When someone asks me what's good about free software, I always mention this, I founded the project but I couldn't finish it, and someone else picked it and it's evolving, it's awesome, Long live to free software!!!
hey man! thanks for Proklam!! it's also good to be able to thank directly the guys that make your computer run :)
As a visually impared person(20/100) and huge KDE nut I think this is really good news :)
I tried oralux 0.6a and was sort of dissapointed. Emacspeak would be nice it you took away emacs and replaced it kwrite :) Then again oralux sounded better then my attempts at getting festival to spit out ogg's via the console.
If I go totally blind one day I have faith that I will be able to pop in my live distro dvd with the entire project gutenberg collection and listen my ears out :) I think it will be cool when people who are totally blind now can do the same too! ^_^
Support for blind users sounds sweet. Is there any information available yet on how this will be accomplished?
What would be _really_ nice is a OCR system for KDE which actually works properly. I have a friend who is slowly going blind. He now cannot read ordinary text, and finds life a bit shallow. I know there are commercial packages which work, but my friend is does not have a private income and cannot afford any of them. Anybody know of a solution?
Have you tried Kooka's ocr before?
http://www.kde.org/apps/kooka/
The free versions of SUSE come with an OCR system, that seems to be commercial, but works very well.
> Is there any information available yet on how this will be accomplished?
The Qt-toolkit used by KDE already has support for screen readers on Windows and Macintosh. The next version (Qt4) will also support the Linux screen reader Gnopernicus, and a number of other assistive technologies.

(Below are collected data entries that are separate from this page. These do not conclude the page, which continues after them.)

Section Glue.
Variables (A B : topologicalType) (f : admissible_map A B).
Implicit Types (P : set A) (Q : set B).

Lemma glue_closedP (D : set (glue f)) : closed D <-> glue_closed f D.
Proof.
rewrite -openC; change (glue_open f (~` D) <-> glue_closed f D).
by rewrite /glue_open setCK.
Qed.

Lemma admext_closed P : closed (admext f P).
Proof. by rewrite /admext; case: pselect => h; [exact: svalP | exact: closed0]. Qed.

Lemma preimage_inl_glue P Q : @inl A B @^-1` (gl_inl f @` P `|` gl_inr f @` Q) = P.
Proof.
by apply/seteqP; split=> x /=; [case=> [[y Py [<-]]|[y _ //]] | left; exists x].
Qed.

Lemma preimage_inr_glue P Q : @inr A B @^-1` (gl_inl f @` P `|` gl_inr f @` Q) = Q.
Proof.
by apply/seteqP; split=> x /=; [case=> [[y _ //]|[y Qy [<-]]] | right; exists x].
Qed.

Lemma closed_glue_set P Q : closed P -> closed Q -> admext f P `<=` Q ->
  closed (gl_inl f @` P `|` gl_inr f @` Q).
Proof.
by move=> *; apply/glue_closedP; rewrite /glue_closed preimage_inl_glue preimage_inr_glue.
Qed.

Lemma closure_inl P : closed P ->
  closure (gl_inl f @` P) = gl_inl f @` P `|` gl_inr f @` admext f P.
Proof.
move=> cP; apply/seteqP; split.
  rewrite closureE; apply: smallest_sub; last exact: subsetUl.
  by apply: closed_glue_set => //; exact: admext_closed.
move=> z [Pz|[w Pw <-]]; first exact: subset_closure.
rewrite closureE => C [/glue_closedP [cCl _ CW] PC]; apply: CW.
by apply: admext_mono cP cCl _ _ Pw => x Px; apply: PC; exists x.
Qed.

Lemma closure_inl_inr P w : closed P ->
  closure (gl_inl f @` P) (gl_inr f w) <-> admext f P w.
Proof.
move=> cP; rewrite closure_inl //; split; last by move=> Pw; right; exists w.
by case=> [[x _ //]|[w' Pw' [<-]]].
Qed.

Lemma dense_inlP : closure (range (gl_inl f)) = setT <-> admext f setT = setT.
Proof.
rewrite closure_inl; last exact: closedT.
split=> [dense|->]; last first.
  by apply/seteqP; split=> // -[x|w] _; [left; exists x|right; exists w].
apply/seteqP; split=> // w _.
have : (range (gl_inl f) `|` gl_inr f @` admext f setT) (gl_inr f w) by rewrite dense.
by case=> [[x _ //]|[w' Pw' [<-]]].
Qed.

Lemma closed_inr Q : closed Q -> closed (gl_inr f @` Q).
Proof.
move=> cQ; rewrite -[_ @` Q]set0U -(image_set0 (gl_inl f)).
by apply: closed_glue_set; rewrite ?admext0 //; exact: closed0.
Qed.

Lemma open_inl P : open P -> open (gl_inl f @` P).
Proof.
move=> oP; rewrite -closedC.
have -> : ~` (gl_inl f @` P) = gl_inl f @` (~` P) `|` gl_inr f @` setT.
  apply/seteqP; split=> [[x|w] /= nPx|].
  - by left; exists x => // Px; apply: nPx; exists x.
  - by right; exists w.
  - by move=> z [[x nPx <-] [y Py [exy]]|[w _ <-] [y _ //]]; apply: nPx; rewrite -exy.
by apply: closed_glue_set; [rewrite closedC | exact: closedT |].
Qed.

Lemma gl_inl_continuous : continuous (gl_inl f).
Proof. by apply/continuous_closedP => D /glue_closedP []. Qed.

Lemma gl_inr_continuous : continuous (gl_inr f).
Proof. by apply/continuous_closedP => D /glue_closedP []. Qed.

Lemma nbhs_inl (x : A) (U : set A) : nbhs x U -> nbhs (gl_inl f x) (gl_inl f @` U).
Proof.
rewrite !nbhsE => -[O [oO Ox] OU]; exists (gl_inl f @` O).
  by split; [exact: open_inl | exists x].
exact: image_subset.
Qed.

End Glue.
(* Let $\hat T>0$, $\varepsilon_0\in(0,1)$ and $\hat c_0>0$ be constants, let $(x(t),y(t))$ be any trajectory of system (5), let $0\le t_0\le t_1$, and let $\mathcal V^1_F\subseteq\mathcal V_F$ be nonempty. Suppose that in the joint graph $\mathcal G([t_1,t_1+\hat T))$ there is no arc leaving from a node of $\mathcal V_F\setminus\mathcal V^1_F$ and entering a node of $\mathcal V^1_F$, and that $|x_i(t_1)|_{\mathcal L(y(t_1))}\le\varepsilon_0|x(t_0)|_{\mathcal L(y(t_0))}+\hat c_0$ for all $i\in\mathcal V^1_F$. Then for all $i\in\mathcal V^1_F$ and all $t\in[t_1,t_1+\hat T]$, $$|x_i(t)|_{\mathcal L(y(t))}\le\varepsilon_0|x(t_0)|_{\mathcal L(y(t_0))}+\hat c_0+\sqrt2\int_{t_1}^{t}|z(s)|\,ds.$$
   Context: Standing setup. Fix integers $n\ge 2$, $k\ge 1$, $d\ge 1$. The follower set is $\mathcal V_F=\{1,\dots,n\}$ and the leader set is $\mathcal V_L=\{\hat 1,\dots,\hat k\}$ (disjoint from $\mathcal V_F$); $\mathcal V=\mathcal V_F\cup\mathcal V_L$. The interaction topology is a time-varying digraph $\mathcal G_{\sigma(t)}=(\mathcal V,\mathcal E_{\sigma(t)})$, where $\sigma:[0,\infty)\to\mathcal P$ is a piecewise constant switching signal taking values in a finite set $\mathcal P$ of digraphs on $\mathcal V$; no arc of any of these digraphs enters a leader. An arc $(j,i)$ means that $i$ receives information from $j$. Dwell-time assumption: any two consecutive switching instants of $\sigma$ are separated by at least $\tau_D>0$. For $i\in\mathcal V_F$, $N_i(\sigma(t))=\{j\in\mathcal V_F:(j,i)\in\mathcal E_{\sigma(t)}\}$ and $L_i(\sigma(t))=\{j\in\mathcal V_L:(j,i)\in\mathcal E_{\sigma(t)}\}$. For $0\le t_1<t_2\le\infty$ the joint graph is $\mathcal G([t_1,t_2))=(\mathcal V,\bigcup_{t\in[t_1,t_2)}\mathcal E_{\sigma(t)})$. System (5): $\dot y_i=u_i(y,t)$ for $i=1,\dots,k$, and $\dot x_i=\sum_{j\in N_i(\sigma(t))}a_{ij}(x,y,t)(x_j-x_i)+\sum_{j\in L_i(\sigma(t))}b_{ij}(x,y,t)(y_j-x_i)+w_i(t)$ for $i=1,\dots,n$, where $x_i,y_j\in\mathbb R^d$, $x=(x_1,\dots,x_n)$, $y=(y_1,\dots,y_k)$; each $u_i(y,t)$ is continuous in $y$ and piecewise continuous in $t$; each $w_i$ is continuous; the weights $a_{ij},b_{ij}$ are continuous and satisfy $a_*\le a_{ij}(x,y,t)\le a^*$, $b_{ij}(x,y,t)\ge b_*$ for all $x,y,t$, with constants $0<a_*\le a^*$, $b_*>0$. Along a trajectory, $z(t)=(u_1(y(t),t),\dots,u_k(y(t),t),w_1(t),\dots,w_n(t))\in\mathbb R^{(n+k)d}$. Set notation: $|\cdot|$ is the Euclidean norm; for a closed convex $K\subset\mathbb R^d$, $|v|_K=\inf_{p\in K}|v-p|$; $\mathcal L(y(t))=\mathrm{co}\{y_1(t),\dots,y_k(t)\}$ (convex hull); $|x(t)|_{\mathcal L(y(t))}=\max_{i\in\mathcal V_F}|x_i(t)|_{\mathcal L(y(t))}$. *)

From Stdlib Require Import Reals Lra List ClassicalEpsilon.
Open Scope R_scope.

(* Vectors of R^d are functions nat -> R (only coordinates c < d       *)
(* matter).  A state of the n followers is X : nat -> nat -> R with    *)
(* X i c = c-th coordinate of x_i; similarly for the k leaders.        *)

Fixpoint fsum (m : nat) (f : nat -> R) : R :=
  match m with
  | O => 0
  | S m' => fsum m' f + f m'
  end.

(* finite max  max(f 0, ..., f (m-1)), used with m >= 1 and f >= 0 *)
Fixpoint fmax (m : nat) (f : nat -> R) : R :=
  match m with
  | O => 0
  | S m' => Rmax (fmax m' f) (f m')
  end.

Definition normd (d : nat) (v : nat -> R) : R :=
  sqrt (fsum d (fun c => (v c) ^ 2)).

Definition in_hull (k d : nat) (Y : nat -> nat -> R) (p : nat -> R) : Prop :=
  exists lam : nat -> R,
    (forall j, (j < k)%nat -> 0 <= lam j) /\
    fsum k lam = 1 /\
    (forall c, (c < d)%nat -> p c = fsum k (fun j => lam j * Y j c)).

Definition is_inf (S : R -> Prop) (m : R) : Prop :=
  (forall r, S r -> m <= r) /\
  (forall m', (forall r, S r -> m' <= r) -> m' <= m).

Definition hull_dist (k d : nat) (Y : nat -> nat -> R) (v : nat -> R) : R :=
  epsilon (inhabits 0)
    (is_inf (fun r => exists p, in_hull k d Y p /\
                                r = normd d (fun c => v c - p c))).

We are closely cooperating with the GNOME project to create common standards for accessibility purposes.
We will make more information about this available during the next weeks.
Olaf
It would seem to me that a better use of development time would be things that make Linux more user friendly for the masses. Things like software installation for example. Less time needs to be spent on "foo-faa" features like rotating background software while blending it with a webpage or yet another screen saver option. Don't get me wrong, KDE talking to you is going to be very cool, but there are more important things that need to be fixed first. In reality most of the common tasks that people do in Windows are too difficult on Linux for the end-user. Microsoft will rule the world until a more concentrated effort on making KDE (or Gnome) a really usable environment for Linux and not just some "cool thing" for geeky types to play with.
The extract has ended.